Recorded information Start Marker

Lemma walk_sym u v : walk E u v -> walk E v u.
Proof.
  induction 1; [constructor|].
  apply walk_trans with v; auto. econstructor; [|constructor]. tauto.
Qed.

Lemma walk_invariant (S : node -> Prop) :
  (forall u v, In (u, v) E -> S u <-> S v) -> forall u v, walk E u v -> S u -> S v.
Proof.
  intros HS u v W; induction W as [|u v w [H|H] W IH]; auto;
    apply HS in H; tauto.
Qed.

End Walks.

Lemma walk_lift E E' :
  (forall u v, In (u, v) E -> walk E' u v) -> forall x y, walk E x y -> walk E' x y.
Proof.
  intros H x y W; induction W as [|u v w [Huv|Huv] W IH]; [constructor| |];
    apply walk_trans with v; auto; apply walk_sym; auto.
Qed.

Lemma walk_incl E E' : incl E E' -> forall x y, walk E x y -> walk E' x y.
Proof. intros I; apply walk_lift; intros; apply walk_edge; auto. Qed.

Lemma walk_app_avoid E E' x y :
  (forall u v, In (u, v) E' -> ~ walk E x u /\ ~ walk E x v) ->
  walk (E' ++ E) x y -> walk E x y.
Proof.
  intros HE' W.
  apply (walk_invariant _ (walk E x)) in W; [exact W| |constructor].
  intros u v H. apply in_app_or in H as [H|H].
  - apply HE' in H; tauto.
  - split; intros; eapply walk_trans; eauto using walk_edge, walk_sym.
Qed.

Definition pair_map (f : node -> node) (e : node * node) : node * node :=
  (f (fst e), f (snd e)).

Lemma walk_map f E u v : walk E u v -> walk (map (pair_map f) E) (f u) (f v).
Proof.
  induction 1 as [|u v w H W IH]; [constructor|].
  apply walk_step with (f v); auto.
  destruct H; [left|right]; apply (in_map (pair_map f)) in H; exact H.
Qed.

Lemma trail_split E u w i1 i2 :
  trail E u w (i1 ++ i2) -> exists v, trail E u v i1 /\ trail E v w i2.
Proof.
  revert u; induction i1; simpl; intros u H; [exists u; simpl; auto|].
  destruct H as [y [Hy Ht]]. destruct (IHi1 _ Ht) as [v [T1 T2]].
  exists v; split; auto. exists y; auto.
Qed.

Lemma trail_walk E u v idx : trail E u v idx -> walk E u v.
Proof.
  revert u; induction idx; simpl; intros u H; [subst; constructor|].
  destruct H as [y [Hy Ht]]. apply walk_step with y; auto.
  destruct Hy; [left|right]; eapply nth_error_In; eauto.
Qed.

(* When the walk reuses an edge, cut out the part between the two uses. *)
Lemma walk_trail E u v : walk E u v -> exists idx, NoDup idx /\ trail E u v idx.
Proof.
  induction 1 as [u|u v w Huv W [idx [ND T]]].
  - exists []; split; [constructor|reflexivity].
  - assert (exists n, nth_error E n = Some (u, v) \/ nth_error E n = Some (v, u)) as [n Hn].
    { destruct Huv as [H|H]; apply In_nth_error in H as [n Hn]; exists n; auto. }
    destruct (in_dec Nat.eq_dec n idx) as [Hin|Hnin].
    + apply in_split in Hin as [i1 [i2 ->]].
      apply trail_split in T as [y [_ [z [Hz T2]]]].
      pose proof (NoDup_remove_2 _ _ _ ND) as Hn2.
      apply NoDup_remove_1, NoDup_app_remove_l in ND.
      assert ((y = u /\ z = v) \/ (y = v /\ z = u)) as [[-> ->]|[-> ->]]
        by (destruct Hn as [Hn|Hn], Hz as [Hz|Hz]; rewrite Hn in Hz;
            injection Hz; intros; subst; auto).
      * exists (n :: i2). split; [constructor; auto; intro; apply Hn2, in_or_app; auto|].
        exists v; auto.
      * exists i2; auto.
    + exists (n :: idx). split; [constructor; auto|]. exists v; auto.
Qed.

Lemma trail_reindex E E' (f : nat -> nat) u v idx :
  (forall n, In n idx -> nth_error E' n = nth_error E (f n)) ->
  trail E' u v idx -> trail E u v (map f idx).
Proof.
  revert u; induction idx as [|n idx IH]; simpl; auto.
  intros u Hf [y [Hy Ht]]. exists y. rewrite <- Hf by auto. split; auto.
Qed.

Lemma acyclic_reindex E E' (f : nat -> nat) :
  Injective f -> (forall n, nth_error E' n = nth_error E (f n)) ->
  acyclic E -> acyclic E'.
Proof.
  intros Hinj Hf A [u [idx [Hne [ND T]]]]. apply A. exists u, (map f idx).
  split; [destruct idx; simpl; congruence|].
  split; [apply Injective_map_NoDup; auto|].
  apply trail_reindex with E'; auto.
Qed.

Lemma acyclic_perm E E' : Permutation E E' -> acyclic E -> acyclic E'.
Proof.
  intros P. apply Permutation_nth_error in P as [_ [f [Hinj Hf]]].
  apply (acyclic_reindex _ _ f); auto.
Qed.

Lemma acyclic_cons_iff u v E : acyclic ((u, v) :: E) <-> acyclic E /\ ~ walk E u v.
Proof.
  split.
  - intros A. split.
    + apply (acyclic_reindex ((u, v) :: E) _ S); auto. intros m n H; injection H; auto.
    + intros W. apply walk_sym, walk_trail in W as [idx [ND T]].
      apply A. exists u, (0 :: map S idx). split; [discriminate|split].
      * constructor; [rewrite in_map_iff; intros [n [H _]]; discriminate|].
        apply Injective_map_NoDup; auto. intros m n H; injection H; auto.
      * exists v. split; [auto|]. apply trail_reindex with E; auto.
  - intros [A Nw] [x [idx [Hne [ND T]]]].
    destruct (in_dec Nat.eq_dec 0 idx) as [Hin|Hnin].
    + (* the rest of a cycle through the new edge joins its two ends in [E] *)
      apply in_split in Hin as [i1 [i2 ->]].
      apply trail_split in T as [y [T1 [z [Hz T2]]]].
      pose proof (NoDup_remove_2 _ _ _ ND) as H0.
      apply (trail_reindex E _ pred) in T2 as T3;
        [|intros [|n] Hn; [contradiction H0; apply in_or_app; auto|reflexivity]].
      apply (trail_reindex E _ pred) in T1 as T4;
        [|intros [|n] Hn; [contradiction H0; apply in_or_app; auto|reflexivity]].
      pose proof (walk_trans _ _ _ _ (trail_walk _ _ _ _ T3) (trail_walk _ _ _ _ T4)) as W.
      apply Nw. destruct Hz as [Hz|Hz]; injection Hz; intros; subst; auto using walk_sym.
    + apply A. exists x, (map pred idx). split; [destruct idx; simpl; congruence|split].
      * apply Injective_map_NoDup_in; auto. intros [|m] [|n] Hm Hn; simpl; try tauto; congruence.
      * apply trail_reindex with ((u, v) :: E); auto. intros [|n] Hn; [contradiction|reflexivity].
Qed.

Recorded information End Marker
Recorded information Start Marker

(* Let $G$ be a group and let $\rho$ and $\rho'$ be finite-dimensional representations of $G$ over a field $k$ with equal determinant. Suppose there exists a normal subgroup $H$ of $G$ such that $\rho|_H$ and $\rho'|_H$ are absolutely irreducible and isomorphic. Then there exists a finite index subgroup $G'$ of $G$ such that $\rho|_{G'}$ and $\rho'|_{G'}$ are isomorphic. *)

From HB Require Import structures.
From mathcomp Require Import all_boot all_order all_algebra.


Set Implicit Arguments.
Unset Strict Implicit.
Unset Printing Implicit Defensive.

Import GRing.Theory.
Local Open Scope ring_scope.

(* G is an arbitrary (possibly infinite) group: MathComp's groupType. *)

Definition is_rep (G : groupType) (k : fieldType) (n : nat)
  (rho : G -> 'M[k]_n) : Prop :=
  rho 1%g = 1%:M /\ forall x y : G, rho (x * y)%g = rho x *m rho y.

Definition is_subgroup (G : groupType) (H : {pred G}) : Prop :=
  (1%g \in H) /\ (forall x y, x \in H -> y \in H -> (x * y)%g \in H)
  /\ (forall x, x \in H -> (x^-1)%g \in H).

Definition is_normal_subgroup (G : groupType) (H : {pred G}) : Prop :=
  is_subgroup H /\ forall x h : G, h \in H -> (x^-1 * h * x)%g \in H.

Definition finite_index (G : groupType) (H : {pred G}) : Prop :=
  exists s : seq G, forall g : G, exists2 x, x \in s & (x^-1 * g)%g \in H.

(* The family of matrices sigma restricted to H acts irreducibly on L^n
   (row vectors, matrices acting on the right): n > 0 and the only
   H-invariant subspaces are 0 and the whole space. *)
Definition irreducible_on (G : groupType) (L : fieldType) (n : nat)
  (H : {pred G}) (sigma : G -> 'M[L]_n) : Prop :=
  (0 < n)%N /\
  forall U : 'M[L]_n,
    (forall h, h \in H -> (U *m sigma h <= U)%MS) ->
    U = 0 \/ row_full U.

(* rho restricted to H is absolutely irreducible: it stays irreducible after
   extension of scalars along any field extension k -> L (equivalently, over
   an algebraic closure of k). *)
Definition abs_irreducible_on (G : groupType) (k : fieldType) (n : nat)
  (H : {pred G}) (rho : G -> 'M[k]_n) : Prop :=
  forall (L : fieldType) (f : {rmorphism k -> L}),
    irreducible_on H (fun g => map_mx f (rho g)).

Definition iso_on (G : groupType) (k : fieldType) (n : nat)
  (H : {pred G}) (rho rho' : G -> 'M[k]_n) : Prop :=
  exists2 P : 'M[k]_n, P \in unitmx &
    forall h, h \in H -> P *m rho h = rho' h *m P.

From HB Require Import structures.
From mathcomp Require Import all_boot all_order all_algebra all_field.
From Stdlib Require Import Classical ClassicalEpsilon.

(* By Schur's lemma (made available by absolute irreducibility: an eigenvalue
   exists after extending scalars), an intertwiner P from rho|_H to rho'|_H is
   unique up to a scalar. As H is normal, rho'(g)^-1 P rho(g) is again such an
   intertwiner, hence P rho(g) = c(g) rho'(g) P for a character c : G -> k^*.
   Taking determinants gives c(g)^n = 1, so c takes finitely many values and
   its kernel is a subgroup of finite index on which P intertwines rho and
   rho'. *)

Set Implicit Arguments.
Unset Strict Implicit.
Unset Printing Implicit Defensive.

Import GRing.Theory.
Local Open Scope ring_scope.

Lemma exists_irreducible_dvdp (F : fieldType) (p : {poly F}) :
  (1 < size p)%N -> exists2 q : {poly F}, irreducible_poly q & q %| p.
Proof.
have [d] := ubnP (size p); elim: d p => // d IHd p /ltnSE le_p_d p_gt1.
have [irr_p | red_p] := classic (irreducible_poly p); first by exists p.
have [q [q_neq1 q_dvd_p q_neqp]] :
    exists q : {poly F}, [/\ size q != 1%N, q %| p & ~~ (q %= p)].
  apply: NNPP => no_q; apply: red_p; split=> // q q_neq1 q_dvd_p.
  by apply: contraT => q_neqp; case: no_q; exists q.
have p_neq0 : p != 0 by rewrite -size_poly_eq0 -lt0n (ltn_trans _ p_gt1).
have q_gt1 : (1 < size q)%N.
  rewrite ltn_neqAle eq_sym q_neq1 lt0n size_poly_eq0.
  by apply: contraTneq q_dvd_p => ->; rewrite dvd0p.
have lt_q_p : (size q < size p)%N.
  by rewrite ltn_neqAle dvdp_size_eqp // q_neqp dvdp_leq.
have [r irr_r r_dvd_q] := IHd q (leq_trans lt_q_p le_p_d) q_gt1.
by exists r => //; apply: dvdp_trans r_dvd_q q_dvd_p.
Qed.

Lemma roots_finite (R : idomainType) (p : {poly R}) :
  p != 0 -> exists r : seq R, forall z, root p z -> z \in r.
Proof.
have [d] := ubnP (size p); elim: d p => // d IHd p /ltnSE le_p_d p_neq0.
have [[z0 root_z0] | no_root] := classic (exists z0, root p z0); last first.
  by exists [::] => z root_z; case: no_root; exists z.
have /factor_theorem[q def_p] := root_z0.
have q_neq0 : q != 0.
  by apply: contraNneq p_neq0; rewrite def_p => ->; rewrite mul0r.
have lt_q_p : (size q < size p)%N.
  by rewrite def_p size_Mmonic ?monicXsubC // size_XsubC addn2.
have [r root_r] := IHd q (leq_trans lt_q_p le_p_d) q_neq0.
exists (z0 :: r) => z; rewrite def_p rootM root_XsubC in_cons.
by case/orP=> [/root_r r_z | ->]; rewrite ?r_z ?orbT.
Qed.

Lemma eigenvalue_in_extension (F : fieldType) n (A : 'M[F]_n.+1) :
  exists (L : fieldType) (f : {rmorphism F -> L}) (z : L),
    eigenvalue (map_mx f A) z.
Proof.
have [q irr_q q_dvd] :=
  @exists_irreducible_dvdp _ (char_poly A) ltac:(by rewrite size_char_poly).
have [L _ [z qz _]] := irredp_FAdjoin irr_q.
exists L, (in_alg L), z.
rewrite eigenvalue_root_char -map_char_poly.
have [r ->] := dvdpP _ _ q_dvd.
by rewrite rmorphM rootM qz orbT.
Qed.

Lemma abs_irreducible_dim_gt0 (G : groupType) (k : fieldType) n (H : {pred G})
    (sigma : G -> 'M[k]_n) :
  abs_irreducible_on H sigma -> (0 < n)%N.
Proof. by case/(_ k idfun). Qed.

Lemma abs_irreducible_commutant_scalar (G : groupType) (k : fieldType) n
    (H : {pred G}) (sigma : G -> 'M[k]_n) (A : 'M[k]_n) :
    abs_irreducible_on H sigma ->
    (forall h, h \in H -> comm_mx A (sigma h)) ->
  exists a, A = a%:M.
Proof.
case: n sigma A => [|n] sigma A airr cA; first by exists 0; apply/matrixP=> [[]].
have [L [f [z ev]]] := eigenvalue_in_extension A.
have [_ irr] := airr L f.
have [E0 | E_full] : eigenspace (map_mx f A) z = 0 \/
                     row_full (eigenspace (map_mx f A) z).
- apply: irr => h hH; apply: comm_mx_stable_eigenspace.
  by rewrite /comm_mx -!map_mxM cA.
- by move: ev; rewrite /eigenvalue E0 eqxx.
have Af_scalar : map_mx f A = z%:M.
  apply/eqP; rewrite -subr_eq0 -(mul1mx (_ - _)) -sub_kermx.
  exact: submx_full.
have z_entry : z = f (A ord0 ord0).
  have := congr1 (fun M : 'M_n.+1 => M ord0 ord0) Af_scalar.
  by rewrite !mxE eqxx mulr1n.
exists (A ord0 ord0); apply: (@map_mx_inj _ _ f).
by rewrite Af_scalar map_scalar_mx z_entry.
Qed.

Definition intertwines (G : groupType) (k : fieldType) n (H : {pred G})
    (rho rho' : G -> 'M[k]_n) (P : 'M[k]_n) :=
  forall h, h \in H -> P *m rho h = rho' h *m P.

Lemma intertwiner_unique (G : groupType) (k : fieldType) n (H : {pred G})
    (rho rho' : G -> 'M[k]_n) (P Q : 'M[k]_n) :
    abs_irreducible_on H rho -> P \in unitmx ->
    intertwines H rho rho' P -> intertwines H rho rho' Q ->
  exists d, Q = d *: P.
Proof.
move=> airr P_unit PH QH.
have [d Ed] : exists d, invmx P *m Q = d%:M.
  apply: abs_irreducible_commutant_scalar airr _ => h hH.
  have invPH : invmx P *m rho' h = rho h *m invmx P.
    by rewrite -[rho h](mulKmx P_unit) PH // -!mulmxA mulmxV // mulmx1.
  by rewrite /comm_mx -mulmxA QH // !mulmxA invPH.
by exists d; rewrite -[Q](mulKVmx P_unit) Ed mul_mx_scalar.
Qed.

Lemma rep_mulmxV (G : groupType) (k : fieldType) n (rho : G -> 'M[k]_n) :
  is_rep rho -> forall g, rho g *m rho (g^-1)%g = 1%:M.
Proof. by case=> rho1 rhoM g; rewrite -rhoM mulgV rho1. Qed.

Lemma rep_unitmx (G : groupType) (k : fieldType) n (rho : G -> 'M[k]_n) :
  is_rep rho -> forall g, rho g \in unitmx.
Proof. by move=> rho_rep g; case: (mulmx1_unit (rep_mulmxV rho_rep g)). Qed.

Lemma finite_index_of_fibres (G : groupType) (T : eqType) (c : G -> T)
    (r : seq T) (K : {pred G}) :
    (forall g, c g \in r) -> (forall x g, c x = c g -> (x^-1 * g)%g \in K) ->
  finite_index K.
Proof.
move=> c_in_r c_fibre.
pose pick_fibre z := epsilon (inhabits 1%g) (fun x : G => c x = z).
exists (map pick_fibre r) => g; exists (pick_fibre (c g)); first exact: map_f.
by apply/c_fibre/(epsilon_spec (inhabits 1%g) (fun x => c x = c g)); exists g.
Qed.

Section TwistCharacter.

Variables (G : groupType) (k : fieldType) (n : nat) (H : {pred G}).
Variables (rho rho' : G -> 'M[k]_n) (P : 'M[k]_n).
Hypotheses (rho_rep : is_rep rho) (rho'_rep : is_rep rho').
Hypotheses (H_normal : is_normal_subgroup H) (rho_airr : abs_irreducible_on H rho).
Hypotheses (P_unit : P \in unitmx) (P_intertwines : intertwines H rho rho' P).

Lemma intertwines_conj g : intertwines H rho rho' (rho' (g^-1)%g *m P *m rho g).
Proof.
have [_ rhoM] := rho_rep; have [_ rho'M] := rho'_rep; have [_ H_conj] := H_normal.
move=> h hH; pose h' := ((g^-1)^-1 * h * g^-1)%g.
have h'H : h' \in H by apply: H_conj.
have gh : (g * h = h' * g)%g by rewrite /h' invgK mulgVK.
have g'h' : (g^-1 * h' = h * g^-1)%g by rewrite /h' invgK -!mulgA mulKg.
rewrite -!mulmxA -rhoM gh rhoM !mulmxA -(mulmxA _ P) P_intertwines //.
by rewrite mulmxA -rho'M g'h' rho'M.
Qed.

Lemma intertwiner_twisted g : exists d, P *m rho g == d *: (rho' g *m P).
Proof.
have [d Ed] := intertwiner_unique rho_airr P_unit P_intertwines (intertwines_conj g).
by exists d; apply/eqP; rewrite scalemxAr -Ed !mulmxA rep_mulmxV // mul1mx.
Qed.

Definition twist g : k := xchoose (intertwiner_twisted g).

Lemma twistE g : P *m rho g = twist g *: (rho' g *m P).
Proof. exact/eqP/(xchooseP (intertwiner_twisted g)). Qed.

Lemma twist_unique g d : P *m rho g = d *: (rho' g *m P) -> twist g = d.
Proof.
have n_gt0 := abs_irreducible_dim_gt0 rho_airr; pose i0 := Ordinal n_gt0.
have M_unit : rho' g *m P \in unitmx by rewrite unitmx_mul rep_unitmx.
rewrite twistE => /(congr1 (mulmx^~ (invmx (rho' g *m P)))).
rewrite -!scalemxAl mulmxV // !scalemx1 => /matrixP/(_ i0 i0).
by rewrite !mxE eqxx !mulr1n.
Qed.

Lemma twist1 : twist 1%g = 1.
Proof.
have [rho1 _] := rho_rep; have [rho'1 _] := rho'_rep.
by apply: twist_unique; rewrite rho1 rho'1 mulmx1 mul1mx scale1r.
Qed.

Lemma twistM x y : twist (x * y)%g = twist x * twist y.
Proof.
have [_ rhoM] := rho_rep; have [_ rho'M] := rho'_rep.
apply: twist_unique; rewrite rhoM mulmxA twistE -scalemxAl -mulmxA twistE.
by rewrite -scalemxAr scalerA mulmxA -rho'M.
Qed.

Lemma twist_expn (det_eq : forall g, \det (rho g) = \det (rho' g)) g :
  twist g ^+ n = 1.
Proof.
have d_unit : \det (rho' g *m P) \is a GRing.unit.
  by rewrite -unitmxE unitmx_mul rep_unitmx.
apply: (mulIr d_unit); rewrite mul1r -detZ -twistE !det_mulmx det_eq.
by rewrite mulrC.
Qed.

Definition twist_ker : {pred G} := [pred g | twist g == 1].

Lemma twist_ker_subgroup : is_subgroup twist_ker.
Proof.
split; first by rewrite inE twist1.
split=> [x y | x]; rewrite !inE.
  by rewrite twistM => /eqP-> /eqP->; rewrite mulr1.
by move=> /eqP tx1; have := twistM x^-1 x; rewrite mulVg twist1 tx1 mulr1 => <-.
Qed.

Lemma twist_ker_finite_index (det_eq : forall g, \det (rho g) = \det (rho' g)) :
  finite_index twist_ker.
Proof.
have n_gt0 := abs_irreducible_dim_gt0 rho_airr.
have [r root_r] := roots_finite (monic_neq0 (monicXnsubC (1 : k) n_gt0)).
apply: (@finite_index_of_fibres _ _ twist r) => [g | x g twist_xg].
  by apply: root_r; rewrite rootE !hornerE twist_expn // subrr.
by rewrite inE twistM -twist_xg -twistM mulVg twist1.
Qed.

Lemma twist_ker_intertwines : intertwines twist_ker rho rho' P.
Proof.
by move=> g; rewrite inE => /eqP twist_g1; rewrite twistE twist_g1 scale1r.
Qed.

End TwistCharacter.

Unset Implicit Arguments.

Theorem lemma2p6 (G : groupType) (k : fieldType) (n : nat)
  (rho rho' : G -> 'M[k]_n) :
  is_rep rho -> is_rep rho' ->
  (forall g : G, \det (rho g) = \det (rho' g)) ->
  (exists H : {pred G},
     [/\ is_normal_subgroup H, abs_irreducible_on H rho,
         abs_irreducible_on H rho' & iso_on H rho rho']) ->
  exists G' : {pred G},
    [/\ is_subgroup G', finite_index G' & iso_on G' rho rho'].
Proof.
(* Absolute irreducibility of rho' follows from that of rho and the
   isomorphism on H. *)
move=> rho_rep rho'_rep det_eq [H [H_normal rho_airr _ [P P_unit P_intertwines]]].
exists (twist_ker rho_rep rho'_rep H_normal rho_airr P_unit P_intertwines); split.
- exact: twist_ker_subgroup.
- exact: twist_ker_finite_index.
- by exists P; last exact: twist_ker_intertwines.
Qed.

Recorded information End Marker

Task requirements
Above this instruction are the records; retype exactly the lines from the one containing "unique up to" up to and including the one containing "have [[z0 root_z0]".

Exercise solution
   unique up to a scalar. As H is normal, rho'(g)^-1 P rho(g) is again such an
   intertwiner, hence P rho(g) = c(g) rho'(g) P for a character c : G -> k^*.
   Taking determinants gives c(g)^n = 1, so c takes finitely many values and
   its kernel is a subgroup of finite index on which P intertwines rho and
   rho'. *)

Set Implicit Arguments.
Unset Strict Implicit.
Unset Printing Implicit Defensive.

Import GRing.Theory.
Local Open Scope ring_scope.

Lemma exists_irreducible_dvdp (F : fieldType) (p : {poly F}) :
  (1 < size p)%N -> exists2 q : {poly F}, irreducible_poly q & q %| p.
Proof.
have [d] := ubnP (size p); elim: d p => // d IHd p /ltnSE le_p_d p_gt1.
have [irr_p | red_p] := classic (irreducible_poly p); first by exists p.
have [q [q_neq1 q_dvd_p q_neqp]] :
    exists q : {poly F}, [/\ size q != 1%N, q %| p & ~~ (q %= p)].
  apply: NNPP => no_q; apply: red_p; split=> // q q_neq1 q_dvd_p.
  by apply: contraT => q_neqp; case: no_q; exists q.
have p_neq0 : p != 0 by rewrite -size_poly_eq0 -lt0n (ltn_trans _ p_gt1).
have q_gt1 : (1 < size q)%N.
  rewrite ltn_neqAle eq_sym q_neq1 lt0n size_poly_eq0.
  by apply: contraTneq q_dvd_p => ->; rewrite dvd0p.
have lt_q_p : (size q < size p)%N.
  by rewrite ltn_neqAle dvdp_size_eqp // q_neqp dvdp_leq.
have [r irr_r r_dvd_q] := IHd q (leq_trans lt_q_p le_p_d) q_gt1.
by exists r => //; apply: dvdp_trans r_dvd_q q_dvd_p.
Qed.

Lemma roots_finite (R : idomainType) (p : {poly R}) :
  p != 0 -> exists r : seq R, forall z, root p z -> z \in r.
Proof.
have [d] := ubnP (size p); elim: d p => // d IHd p /ltnSE le_p_d p_neq0.
have [[z0 root_z0] | no_root] := classic (exists z0, root p z0); last first.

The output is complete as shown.